A RETURN TO NORMALITY
For both sellers and buyers, adjusting expectations after the pandemic years— when property prices reached record highs and interest rates reached record lows—is a continuing process. “What we hope to see is that we get into more of a balanced buyer and seller situation,” Bailey says. “A lot of sellers are still thinking based on what they saw during the pandemic, even though we’re so far from it at this point.”
Buyers, too, need to look at the bigger picture when it comes to interest rates. “What we have to really keep in mind, and which I think will become hopefully more evident, is that rates in the 5% to 7% range have been historic norms,” Rose says. Returning to a healthy market will take a combination of adjusting interest rates and adjusting expectations. “We’re getting back to the historical norms, which will be half of the battle, and the other half of the battle is the buyer and seller pool understanding that this is normal, and we shouldn’t be looking at it through skewed eyes of what was a recent occurrence.”
Overall, real estate agents expect to see a healthier and more active market this year. “I think 2025 is going to be a great year,” Biryla says. “I think 2026 is going to stay strong and roll into 2027.”
For insight into the mindset of buyers shopping for a home in 2025, consumer spending predictions may indicate how wealthy or even cash-strapped people are likely to be feeling.

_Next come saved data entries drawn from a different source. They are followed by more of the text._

Lemma connected_del_leaf (N S : {set I}) l p : is_leaf N l p -> S \subset N ->
  connected_in r S -> connected_in r (S :\ l).
Proof.
move=> Hl HSN Hc x y; rewrite !inE => /andP[xl xS] /andP[yl yS].
have /connectP[P HP HyP] := Hc x y xS yS.
case: (shortenP HP) HyP => p' Hp' Hu _ Hyl.
have lp' : l \notin p'.
  apply/negP => /splitPr Hsp; move: Hsp Hp' Hu Hyl => [p1 p2] Hp' Hu Hyl.
  rewrite cat_path /= in Hp'; move: Hp' => /and3P[_ /and3P[R1 L1S _] Hp2].
  have E1 : last x p1 = p by apply: (leaf_eq Hl (subsetP HSN _ L1S)); rewrite rsym.
  case: p2 Hp2 Hu Hyl => [|z p3] Hp2 Hu Hyl.
    by move: Hyl; rewrite last_cat /= => Hyl; rewrite Hyl eqxx in yl.
  move: Hp2 => /= /andP[/and3P[Rlz _ zS] _].
  have E2 : z = p by apply: (leaf_eq Hl (subsetP HSN _ zS)).
  move: Hu; rewrite -cat_cons cat_uniq => /and3P[_ /hasPn Hdisj _].
  have := Hdisj z; rewrite !inE eqxx orbT => /(_ isT); apply/negP/negPn.
  by have := mem_last x p1; rewrite E1 -E2 inE.
apply/connectP; exists p' => //.
apply: path_restr; first exact: path_restr_sub Hp'.
move=> z; rewrite inE => /orP[/eqP->|zp]; first by rewrite !inE xl xS.
rewrite !inE (path_restr_mem Hp' zp) andbT; apply/negP => /eqP E.
by rewrite -E zp in lp'.
Qed.

(* Two intersecting subtrees that do not reduce to the leaf l still
   intersect after l is removed (then both contain the parent of l). *)
Lemma leaf_del_meet (N F G : {set I}) l p : is_leaf N l p ->
  F \subset N -> G \subset N -> connected_in r F -> connected_in r G ->
  (exists2 w, w \in F & w != l) -> (exists2 w, w \in G & w != l) ->
  F :&: G != set0 -> (F :\ l) :&: (G :\ l) != set0.
Proof.
move=> Hl HFN HGN HcF HcG [wF wFF wFl] [wG wGG wGl] /set0Pn[z]; rewrite inE => /andP[zF zG].
have /and4P[_ _ Rlp _] := Hl.
have pl : p != l by apply/eqP => E; rewrite E rirr in Rlp.
case: (eqVneq z l) => [Ezl|zl]; last by apply/set0Pn; exists z; rewrite !inE zl zF zG.
rewrite Ezl in zF zG; apply/set0Pn; exists p.
by rewrite !inE pl (leaf_in Hl HFN HcF zF wFF wFl) (leaf_in Hl HGN HcG zG wGG wGl).
Qed.

(* Helly property of subtrees: pairwise intersecting subtrees of a tree N
   have a common node.  By induction on |N|, removing a leaf. *)
Lemma helly (J : finType) n : forall (F : J -> {set I}) (N : {set I}),
  #|N| <= n -> N != set0 -> connected_in r N ->
  (forall j, [/\ F j != set0, F j \subset N & connected_in r (F j)]) ->
  (forall j k, F j :&: F k != set0) ->
  exists2 c, c \in N & forall j, c \in F j.
Proof.
elim: n => [|n IH] F N Hn HN0 HcN HF Hint.
  by move: Hn; rewrite leqn0 cards_eq0 (negbTE HN0).
have [c cN] := set0Pn _ HN0.
case: (leqP #|N| 1) => HN1.
  exists c => // j; have [/set0Pn[z zF] HFN _] := HF j.
  by rewrite (card_le1_eqP HN1 z c (subsetP HFN _ zF) cN).
have [l [p Hl]] := leaf_ex HN1 HcN.
have /and4P[lN pN Rlp _] := Hl.
have pl : p != l by apply/eqP => E; rewrite E rirr in Rlp.
case: (boolP [exists j, F j \subset [set l]]) => [/existsP[j Hj]|].
  exists l => // k; have /set0Pn[z] := Hint j k; rewrite inE => /andP[zj zk].
  by have := subsetP Hj _ zj; rewrite inE => /eqP <-.
rewrite negb_exists => /forallP Hnj.
have Hw j : exists2 w, w \in F j & w != l.
  by have /subsetPn[w wF] := Hnj j; rewrite inE => wl; exists w.
have [|||j|j k|c' c'N Hc'] := IH (fun j => F j :\ l) (N :\ l).
- by move: Hn; rewrite (cardsD1 l N) lN; lia.
- by apply/set0Pn; exists p; rewrite !inE pl.
- exact: connected_del_leaf Hl (subxx _) HcN.
- have [_ HFN HcF] := HF j; have [w wF wl] := Hw j; split.
  + by apply/set0Pn; exists w; rewrite !inE wl.
  + exact: setSD.
  + exact: connected_del_leaf Hl HFN HcF.
- have [_ HFj Hcj] := HF j; have [_ HFk Hck] := HF k.
  exact: leaf_del_meet Hl HFj HFk Hcj Hck (Hw j) (Hw k) (Hint j k).
- exists c'; first by move: c'N; rewrite inE => /andP[].
  by move=> j; have := Hc' j; rewrite inE => /andP[].
Qed.

End Tree.

Lemma big_parts_meet (X : finType) (K A B : {set X}) : A \subset K -> B \subset K ->
  #|K| < 2 * #|A| -> #|K| < 2 * #|B| -> A :&: B != set0.
Proof.
move=> AK BK HA HB; rewrite -card_gt0.
have := cardsUI A B; have : #|A :|: B| <= #|K| by apply: subset_leq_card; rewrite subUset AK BK.
lia.
Qed.

Section BalancedSeparator.
Variables (T : finType) (e : rel T).
Hypothesis esym : symmetric e.
Variables (I : finType) (r : rel I) (B : I -> {set T}).
Hypothesis Htd : tree_decomposition e r B.

Definition bags_meeting (C : {set T}) : {set I} := [set k | [exists x in C, x \in B k]].

Lemma bags_meetingI (C : {set T}) x k : x \in C -> x \in B k -> k \in bags_meeting C.
Proof. by move=> xC xk; rewrite inE; apply/existsP; exists x; rewrite xC. Qed.

Lemma bags_meeting_connected S v : connected_in r (bags_meeting (gcomp e S v)).
Proof.
have [_ _ Hedge Hsub] := Htd.
set C := gcomp e S v.
have one x : x \in C -> forall k1 k2, x \in B k1 -> x \in B k2 ->
    connect (restr r (bags_meeting C)) k1 k2.
  move=> xC k1 k2 H1 H2; move: (Hsub x k1 k2 H1 H2); apply: connect_sub.
  move=> a b /and3P[Rab xa xb]; apply: connect1.
  by rewrite /= Rab (bags_meetingI xC xa) (bags_meetingI xC xb).
move=> k1 k2; rewrite !inE => /existsP[x1 /andP[x1C x1k]] /existsP[x2 /andP[x2C x2k]].
have Hc : connect (restr e S) x1 x2.
  move: x1C x2C; rewrite !inE => /andP[_ H1] /andP[_ H2].
  by apply: connect_trans H2; rewrite (sym_connect_sym (restr_sym S esym)).
case/connectP: Hc => P HP E; rewrite E in x2k; clear E x2C.
elim: P x1 k1 x1C x1k HP x2k => [|y P IH] x1 k1 x1C x1k /=; first by move=> _; apply: one.
move=> /andP[/and3P[Exy _ yS] HP] Hl.
have [k /andP[x1k' yk]] := Hedge _ _ Exy.
have yC : y \in C.
  move: x1C; rewrite !inE yS => /andP[x1S Hv]; apply: connect_trans Hv _.
  by apply: connect1; rewrite /= Exy x1S yS.
exact: connect_trans (one _ x1C _ _ x1k x1k') (IH y k yC yk HP Hl).
Qed.

(* Otherwise every bag i misses a component
   C i of more than half of K; these pairwise meet, so the subtrees of bags
   meeting them have a common node c by Helly, and C c would meet B c. *)
Lemma balanced_bag (x0 : T) (K : {set T}) :
  exists i, forall v, 2 * #|gcomp e (K :\: B i) v| <= #|K|.
Proof.
have [[rsym rirr rcon racyc] Hcov _ _] := Htd.
case: (boolP [exists i, [forall v, 2 * #|gcomp e (K :\: B i) v| <= #|K|]]).
  by move=> /existsP[i /forallP Hi]; exists i.
rewrite negb_exists => /forallP Hno; exfalso.
have Hex i : exists v, #|K| < 2 * #|gcomp e (K :\: B i) v|.
  by have := Hno i; rewrite negb_forall => /existsP[v]; rewrite -ltnNge; exists v.
pose C i := gcomp e (K :\: B i) (xchoose (Hex i)).
have Cbig i : #|K| < 2 * #|C i| := xchooseP (Hex i).
have CK i : C i \subset K by apply/subsetP => x; rewrite !inE => /andP[/andP[]].
have CB i x : x \in C i -> x \notin B i by rewrite !inE => /andP[/andP[]].
have [i0 _] := Hcov x0.
have [|||||c _ Hc] := @helly I r rsym rirr racyc I #|[set: I]|
    (fun i => bags_meeting (C i)) [set: I].
- by [].
- by apply/set0Pn; exists i0.
- by move=> i j _ _; rewrite (@eq_connect _ _ r) ?rcon // => a b /=; rewrite !inE !andbT.
- move=> i; split; last exact: bags_meeting_connected.
  + have /card_gt0P[x xC] : 0 < #|C i| by move: (Cbig i); case: #|C i|.
    have [k xk] := Hcov x.
    by apply/set0Pn; exists k; apply: bags_meetingI xC xk.
  + exact: subsetT.
- move=> i j; have /set0Pn[x] := big_parts_meet (CK i) (CK j) (Cbig i) (Cbig j).
  rewrite inE => /andP[xi xj]; have [k xk] := Hcov x.
  apply/set0Pn; exists k; rewrite inE /=.
  by apply/andP; split; [apply: bags_meetingI xi xk | apply: bags_meetingI xj xk].
have := Hc c; rewrite inE => /existsP[x /andP[xC xB]].
by have := CB c x xC; rewrite xB.
Qed.

End BalancedSeparator.

Section Hubs.
Variables (T : finType) (e : rel T).
Hypothesis esym : symmetric e.
Hypothesis econ : connected_graph e.
Variable sep : {set T} -> {set T}.
Hypothesis sep_balanced : forall K v, 2 * #|gcomp e (K :\: sep K) v| <= #|K|.

Let lg := trunc_log 2 #|T|.

Fixpoint region (a : T) (m : nat) : {set T} :=
  match m with
  | 0 => setT
  | m'.+1 => gcomp e (region a m' :\: sep (region a m')) a
  end.

Definition hubs a : {set T} := \bigcup_(m < lg.+1) sep (region a m).

Lemma region_halves a m : 2 ^ m * #|region a m| <= #|T|.
Proof.
elim: m => [|m IH] /=; first by rewrite cardsT mul1n.
apply: leq_trans IH; rewrite expnS -mulnA mulnCA leq_mul2l.
by rewrite sep_balanced orbT.
Qed.

Lemma region_depth a m : a \in region a m -> m <= lg.
Proof.
move=> Ha; apply: trunc_log_max => //.
apply: leq_trans (region_halves a m); rewrite -{1}[2 ^ m]muln1 leq_mul2l card_gt0.
by apply/orP; right; apply/set0Pn; exists a.
Qed.

Lemma gcomp_eq (S : {set T}) a b : connect (restr e S) a b -> gcomp e S a = gcomp e S b.
Proof.
have Hs := sym_connect_sym (restr_sym S esym).
move=> Hab; apply/setP => y; rewrite !inE; congr (_ && _); apply/idP/idP => Hy.
  by apply: connect_trans Hy; rewrite Hs.
exact: connect_trans Hab Hy.
Qed.

(* If a and b share their region m and a path from a to b stays inside it,
   then some vertex of the path is a hub of both: either the separator of
   the region meets the path, or a and b share region m + 1 as well, and the
   path stays inside that.  The induction is on the rounds left, d. *)
Lemma hub_on_path a b p : path e a p -> last a p = b -> forall d m, lg.+1 - m <= d ->
  region a m = region b m -> {subset a :: p <= region a m} ->
  exists2 s, s \in a :: p & (s \in hubs a) && (s \in hubs b).
Proof.
move=> Hp Hl d; elim: d => [|d IH] m Hd Eab Hsub.
  by have := region_depth (Hsub a (mem_head _ _)); lia.
have Hm := region_depth (Hsub a (mem_head _ _)).
set K := region a m in Eab Hsub.
case: (boolP (has (mem (sep K)) (a :: p))) => [/hasP[s Hs sK]|Hno].
  have m_lt : m < lg.+1 by [].
  exists s => //; apply/andP; split; apply/bigcupP; exists (Ordinal m_lt) => //=.
  by rewrite -Eab.
have Hsub2 : {subset a :: p <= K :\: sep K}.
  move=> y Hy; rewrite inE Hsub // andbT; apply/negP => Hy2.
  by move/hasP: Hno; apply; exists y.
have Hpr := path_restr Hp Hsub2.
have Hcb : connect (restr e (K :\: sep K)) a b.
  by rewrite -Hl; apply: path_connect Hpr _; apply: mem_last.
apply: (IH m.+1); first lia.
  by rewrite /= -/K -Eab (gcomp_eq Hcb).
move=> y Hy; rewrite /= -/K inE Hsub2 //=.
exact: path_connect Hpr Hy.
Qed.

Predicted growth in consumer spending can be a sign that people may feel confident paying slightly more for a home. “When you’re feeling better about your affordability and borrowing and cash position and all that, you’re going to feel better generally speaking spending more as well,” Rose says.
Economists predict a modest increase in overall consumer spending across durables, nondurables and services this year. As of September 2024, total consumer spending is projected to rise from $19.5 trillion in 2024 to $20.2 trillion in 2025, a 2.5% rise after adjusting for inflation, says Stephen Brown, Deputy Chief North America Economist at Capital Economics. For Canada, total consumer spending is projected to rise from $1.61 trillion in 2024 to $1.68 trillion in 2025, an increase of 2% in real terms.
The reason? Canadian households “have been a lot more exposed to higher interest rates, so there’s a greater share of variable rate debt, particularly for mortgages, in Canada,” he says. “That’s been weighing on spending and even though interest rates are now coming down, immigration in Canada is also likely to fall next year, so that’s adding to a bit of the weakness. By contrast, in the U.S. households aren’t quite as exposed to higher interest rates, but they’re also benefiting a lot more from the rise in equity markets at the moment. In particular U.S. equities, because they’re so tech-dominated, are doing very well, so that’s boosting households’ asset holdings, making them feel a bit wealthier, so they’re more likely to spend as well.”
Deloitte’s third-quarter report outlining a U.S. economic forecast, the United States Economic Forecast, noted that consumer spending “continues to exceed expectations,” with a recent increase in spending on durables, which is “often seen as a signal of rising consumer confidence.” Plus, according to the forecast, “interest-rate cuts should drive stronger demand for durable goods next year,” the company predicted. “Spending on services is predicted to increase more rapidly than spending on goods, rising 2% in 2025.” Spending on durable goods was predicted to rise by 1.7% in real terms and spending on nondurable goods by 1.4%.